### Your objective:
Would you return, word for word, the lines of the data below from the line with "loops at v are" through the line with "Lemma joins_sym x", and no others?

### Material for the task:
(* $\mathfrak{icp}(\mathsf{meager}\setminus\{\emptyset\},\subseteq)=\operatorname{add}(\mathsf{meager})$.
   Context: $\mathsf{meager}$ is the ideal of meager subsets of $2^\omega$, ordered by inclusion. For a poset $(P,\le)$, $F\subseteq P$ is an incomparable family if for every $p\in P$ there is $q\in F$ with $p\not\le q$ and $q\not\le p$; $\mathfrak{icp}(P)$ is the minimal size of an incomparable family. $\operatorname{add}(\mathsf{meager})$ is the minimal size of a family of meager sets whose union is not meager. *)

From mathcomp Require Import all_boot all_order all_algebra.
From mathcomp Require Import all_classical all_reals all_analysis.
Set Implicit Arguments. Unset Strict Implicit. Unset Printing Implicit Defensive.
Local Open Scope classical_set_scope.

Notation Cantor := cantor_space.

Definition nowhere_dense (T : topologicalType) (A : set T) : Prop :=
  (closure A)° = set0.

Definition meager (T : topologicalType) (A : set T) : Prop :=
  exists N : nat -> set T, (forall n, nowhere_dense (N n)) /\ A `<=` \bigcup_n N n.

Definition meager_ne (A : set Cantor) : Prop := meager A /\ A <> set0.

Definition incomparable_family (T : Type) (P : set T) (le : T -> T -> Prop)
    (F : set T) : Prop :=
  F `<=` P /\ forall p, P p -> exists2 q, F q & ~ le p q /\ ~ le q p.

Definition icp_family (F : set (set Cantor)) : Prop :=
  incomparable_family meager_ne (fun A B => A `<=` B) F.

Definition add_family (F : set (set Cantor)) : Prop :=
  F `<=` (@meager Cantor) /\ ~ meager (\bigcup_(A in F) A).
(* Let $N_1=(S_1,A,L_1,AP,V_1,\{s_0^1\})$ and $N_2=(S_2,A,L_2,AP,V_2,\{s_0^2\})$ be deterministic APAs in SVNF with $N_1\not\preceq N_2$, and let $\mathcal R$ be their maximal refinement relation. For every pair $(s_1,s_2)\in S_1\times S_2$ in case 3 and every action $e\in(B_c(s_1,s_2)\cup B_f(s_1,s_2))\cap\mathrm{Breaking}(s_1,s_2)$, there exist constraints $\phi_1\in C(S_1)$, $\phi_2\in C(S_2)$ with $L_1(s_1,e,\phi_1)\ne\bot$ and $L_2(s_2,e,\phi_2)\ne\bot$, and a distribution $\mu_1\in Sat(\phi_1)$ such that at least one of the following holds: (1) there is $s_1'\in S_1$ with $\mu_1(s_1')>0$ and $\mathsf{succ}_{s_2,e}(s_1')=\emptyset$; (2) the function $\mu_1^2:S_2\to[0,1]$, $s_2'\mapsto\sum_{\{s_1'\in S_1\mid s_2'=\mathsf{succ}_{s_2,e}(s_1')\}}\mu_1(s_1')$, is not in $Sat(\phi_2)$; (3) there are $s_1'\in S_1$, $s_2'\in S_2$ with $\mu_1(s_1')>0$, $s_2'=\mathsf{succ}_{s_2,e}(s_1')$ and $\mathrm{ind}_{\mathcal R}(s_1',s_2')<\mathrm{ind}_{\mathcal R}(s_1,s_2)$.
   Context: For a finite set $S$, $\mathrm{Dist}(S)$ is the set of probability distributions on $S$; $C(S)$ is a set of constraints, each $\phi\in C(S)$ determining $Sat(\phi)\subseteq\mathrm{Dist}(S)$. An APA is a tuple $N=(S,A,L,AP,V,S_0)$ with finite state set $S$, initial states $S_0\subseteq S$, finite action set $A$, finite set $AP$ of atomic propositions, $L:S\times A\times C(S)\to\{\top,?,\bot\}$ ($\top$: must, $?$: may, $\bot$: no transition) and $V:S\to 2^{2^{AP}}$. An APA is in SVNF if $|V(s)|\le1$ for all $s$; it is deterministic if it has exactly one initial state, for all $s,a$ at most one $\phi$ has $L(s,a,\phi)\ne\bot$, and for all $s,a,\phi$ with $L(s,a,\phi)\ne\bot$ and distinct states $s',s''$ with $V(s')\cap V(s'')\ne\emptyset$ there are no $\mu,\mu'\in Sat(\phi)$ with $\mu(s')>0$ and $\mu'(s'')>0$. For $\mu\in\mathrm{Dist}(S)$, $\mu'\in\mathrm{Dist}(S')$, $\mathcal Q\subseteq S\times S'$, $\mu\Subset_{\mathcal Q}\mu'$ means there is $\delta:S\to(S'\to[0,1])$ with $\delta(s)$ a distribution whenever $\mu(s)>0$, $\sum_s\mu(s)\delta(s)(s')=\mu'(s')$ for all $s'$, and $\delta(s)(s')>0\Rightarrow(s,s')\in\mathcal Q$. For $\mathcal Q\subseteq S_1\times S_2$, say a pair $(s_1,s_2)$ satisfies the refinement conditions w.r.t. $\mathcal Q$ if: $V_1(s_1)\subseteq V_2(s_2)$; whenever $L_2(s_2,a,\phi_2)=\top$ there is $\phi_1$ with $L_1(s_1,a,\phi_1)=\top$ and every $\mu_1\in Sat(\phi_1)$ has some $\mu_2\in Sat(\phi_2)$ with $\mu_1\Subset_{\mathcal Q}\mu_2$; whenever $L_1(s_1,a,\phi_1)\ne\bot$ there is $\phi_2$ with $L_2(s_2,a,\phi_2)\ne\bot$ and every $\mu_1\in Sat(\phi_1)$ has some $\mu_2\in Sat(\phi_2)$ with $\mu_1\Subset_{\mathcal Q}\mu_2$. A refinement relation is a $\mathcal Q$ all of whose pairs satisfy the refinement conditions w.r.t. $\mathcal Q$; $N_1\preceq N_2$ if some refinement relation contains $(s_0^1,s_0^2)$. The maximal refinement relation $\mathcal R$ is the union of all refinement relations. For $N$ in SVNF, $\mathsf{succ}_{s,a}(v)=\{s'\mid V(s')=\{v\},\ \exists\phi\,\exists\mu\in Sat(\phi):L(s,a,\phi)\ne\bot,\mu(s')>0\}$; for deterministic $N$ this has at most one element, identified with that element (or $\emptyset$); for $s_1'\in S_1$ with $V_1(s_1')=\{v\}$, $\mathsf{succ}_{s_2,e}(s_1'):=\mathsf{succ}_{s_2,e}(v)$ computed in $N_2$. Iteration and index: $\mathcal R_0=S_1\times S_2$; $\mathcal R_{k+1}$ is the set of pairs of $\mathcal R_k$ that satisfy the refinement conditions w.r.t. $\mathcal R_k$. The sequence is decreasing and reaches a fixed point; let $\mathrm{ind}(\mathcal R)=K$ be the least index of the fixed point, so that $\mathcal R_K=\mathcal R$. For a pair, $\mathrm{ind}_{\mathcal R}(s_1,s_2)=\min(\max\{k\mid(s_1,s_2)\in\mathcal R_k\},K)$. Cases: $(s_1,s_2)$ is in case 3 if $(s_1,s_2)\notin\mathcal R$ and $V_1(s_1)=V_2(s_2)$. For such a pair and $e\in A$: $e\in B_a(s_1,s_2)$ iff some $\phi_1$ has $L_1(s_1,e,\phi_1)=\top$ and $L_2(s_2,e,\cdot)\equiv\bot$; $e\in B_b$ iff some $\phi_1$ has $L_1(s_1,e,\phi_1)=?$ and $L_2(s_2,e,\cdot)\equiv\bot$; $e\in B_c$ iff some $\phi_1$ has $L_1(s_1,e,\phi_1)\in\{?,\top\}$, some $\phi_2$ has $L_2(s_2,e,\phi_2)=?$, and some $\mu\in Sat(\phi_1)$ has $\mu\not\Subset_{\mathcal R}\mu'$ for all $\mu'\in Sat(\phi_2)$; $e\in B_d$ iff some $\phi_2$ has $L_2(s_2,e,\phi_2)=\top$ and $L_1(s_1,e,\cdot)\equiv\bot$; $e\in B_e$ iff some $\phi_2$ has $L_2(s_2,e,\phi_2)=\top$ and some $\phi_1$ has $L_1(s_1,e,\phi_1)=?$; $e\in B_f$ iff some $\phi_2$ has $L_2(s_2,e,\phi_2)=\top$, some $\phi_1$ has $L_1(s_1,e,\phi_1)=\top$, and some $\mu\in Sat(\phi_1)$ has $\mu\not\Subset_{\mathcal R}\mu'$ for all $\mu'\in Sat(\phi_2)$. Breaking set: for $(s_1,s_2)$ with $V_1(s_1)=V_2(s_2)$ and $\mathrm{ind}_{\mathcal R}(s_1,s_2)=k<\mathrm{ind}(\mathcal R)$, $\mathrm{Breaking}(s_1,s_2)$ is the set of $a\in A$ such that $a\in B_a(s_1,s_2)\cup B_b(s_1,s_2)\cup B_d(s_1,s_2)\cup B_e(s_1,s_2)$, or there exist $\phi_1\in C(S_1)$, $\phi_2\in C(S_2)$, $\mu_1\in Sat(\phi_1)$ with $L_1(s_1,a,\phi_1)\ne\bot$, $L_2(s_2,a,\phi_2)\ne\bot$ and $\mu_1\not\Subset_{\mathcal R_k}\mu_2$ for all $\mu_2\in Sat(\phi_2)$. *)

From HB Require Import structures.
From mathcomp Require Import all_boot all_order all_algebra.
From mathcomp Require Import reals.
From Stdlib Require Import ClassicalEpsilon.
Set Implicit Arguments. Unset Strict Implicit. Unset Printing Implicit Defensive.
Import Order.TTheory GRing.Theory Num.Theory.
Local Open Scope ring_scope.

--

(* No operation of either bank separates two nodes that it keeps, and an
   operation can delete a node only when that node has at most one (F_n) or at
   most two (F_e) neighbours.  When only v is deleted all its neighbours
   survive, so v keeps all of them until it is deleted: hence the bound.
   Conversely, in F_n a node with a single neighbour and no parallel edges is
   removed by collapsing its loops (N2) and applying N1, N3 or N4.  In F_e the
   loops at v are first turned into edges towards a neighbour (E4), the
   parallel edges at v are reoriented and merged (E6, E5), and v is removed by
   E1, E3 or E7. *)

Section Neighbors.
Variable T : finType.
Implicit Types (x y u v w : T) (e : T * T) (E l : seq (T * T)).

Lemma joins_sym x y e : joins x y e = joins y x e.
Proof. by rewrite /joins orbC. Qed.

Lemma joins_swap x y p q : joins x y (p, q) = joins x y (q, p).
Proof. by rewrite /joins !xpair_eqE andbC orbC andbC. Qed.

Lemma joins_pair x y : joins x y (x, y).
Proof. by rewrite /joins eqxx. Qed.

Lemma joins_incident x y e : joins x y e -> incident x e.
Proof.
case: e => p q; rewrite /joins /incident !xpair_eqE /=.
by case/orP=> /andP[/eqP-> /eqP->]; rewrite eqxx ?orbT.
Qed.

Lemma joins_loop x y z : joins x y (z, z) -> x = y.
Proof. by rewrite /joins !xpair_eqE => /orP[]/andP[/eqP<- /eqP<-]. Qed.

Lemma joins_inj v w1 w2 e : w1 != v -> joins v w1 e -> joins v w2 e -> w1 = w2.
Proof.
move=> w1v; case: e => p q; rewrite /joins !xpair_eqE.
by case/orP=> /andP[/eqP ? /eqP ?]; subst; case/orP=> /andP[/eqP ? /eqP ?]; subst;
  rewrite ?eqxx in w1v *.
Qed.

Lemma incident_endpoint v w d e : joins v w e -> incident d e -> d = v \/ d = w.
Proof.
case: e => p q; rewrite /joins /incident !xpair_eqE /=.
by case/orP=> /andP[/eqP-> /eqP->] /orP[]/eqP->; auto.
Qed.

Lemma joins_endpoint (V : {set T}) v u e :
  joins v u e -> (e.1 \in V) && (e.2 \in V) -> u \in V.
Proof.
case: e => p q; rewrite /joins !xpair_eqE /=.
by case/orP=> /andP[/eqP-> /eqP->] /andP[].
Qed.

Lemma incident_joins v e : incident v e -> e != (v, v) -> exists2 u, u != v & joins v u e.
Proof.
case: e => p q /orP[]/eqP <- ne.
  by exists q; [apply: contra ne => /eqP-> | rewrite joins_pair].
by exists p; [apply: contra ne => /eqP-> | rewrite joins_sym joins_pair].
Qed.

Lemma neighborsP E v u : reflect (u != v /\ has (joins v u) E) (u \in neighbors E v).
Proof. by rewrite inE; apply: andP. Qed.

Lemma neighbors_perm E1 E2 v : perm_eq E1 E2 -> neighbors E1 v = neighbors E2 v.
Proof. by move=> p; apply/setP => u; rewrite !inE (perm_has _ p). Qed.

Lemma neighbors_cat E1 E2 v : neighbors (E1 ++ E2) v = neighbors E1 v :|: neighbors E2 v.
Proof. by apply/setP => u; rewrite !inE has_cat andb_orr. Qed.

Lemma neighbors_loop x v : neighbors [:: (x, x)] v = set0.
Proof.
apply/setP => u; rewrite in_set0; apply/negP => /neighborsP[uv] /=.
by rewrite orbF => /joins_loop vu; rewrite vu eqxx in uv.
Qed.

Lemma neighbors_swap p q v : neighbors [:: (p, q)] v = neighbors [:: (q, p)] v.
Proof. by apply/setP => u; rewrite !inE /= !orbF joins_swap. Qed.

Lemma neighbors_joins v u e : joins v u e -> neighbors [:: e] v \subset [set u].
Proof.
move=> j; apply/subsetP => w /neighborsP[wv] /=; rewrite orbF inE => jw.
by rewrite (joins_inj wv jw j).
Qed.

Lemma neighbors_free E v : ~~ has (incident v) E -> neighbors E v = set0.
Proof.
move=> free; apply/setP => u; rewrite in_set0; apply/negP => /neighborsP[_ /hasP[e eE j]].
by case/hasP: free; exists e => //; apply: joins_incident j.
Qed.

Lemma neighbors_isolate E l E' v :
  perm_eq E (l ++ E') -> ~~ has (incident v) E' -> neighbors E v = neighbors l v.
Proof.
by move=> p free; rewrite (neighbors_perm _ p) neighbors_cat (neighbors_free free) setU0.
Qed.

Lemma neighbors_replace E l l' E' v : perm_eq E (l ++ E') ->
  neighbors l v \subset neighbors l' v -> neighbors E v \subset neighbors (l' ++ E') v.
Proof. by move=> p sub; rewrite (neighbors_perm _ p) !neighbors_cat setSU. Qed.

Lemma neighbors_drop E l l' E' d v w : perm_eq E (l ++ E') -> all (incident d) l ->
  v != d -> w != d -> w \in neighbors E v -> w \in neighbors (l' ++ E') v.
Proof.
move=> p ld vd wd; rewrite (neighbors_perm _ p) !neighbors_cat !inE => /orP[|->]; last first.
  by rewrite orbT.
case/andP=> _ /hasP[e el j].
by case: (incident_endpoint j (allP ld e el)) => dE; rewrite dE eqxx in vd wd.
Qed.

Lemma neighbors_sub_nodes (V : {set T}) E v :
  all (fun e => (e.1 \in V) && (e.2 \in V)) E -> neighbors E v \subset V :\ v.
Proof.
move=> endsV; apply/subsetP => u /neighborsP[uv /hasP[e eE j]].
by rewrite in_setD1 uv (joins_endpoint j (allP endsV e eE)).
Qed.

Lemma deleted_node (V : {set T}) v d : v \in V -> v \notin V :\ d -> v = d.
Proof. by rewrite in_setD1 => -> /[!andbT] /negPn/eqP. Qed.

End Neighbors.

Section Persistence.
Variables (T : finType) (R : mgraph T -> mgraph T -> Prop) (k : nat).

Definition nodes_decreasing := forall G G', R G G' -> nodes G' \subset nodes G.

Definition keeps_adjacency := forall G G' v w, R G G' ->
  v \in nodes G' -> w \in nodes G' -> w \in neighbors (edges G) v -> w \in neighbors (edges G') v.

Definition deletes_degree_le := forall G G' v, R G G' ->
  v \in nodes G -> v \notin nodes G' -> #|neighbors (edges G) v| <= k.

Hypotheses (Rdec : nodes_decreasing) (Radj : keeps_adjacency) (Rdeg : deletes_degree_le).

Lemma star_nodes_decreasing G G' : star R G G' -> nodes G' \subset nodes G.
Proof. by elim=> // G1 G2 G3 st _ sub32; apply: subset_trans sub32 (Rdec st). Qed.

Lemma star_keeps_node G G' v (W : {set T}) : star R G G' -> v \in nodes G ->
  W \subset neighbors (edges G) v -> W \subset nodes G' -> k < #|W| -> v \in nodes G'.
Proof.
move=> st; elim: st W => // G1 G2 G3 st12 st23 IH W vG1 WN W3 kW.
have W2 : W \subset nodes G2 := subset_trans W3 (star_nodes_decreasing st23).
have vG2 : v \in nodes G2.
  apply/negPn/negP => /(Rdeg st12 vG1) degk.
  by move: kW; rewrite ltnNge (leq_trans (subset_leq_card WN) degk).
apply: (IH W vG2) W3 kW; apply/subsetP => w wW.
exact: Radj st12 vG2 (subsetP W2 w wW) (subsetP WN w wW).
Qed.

### Answer to the problem:
   loops at v are first turned into edges towards a neighbour (E4), the
   parallel edges at v are reoriented and merged (E6, E5), and v is removed by
   E1, E3 or E7. *)

Section Neighbors.
Variable T : finType.
Implicit Types (x y u v w : T) (e : T * T) (E l : seq (T * T)).

Lemma joins_sym x y e : joins x y e = joins y x e.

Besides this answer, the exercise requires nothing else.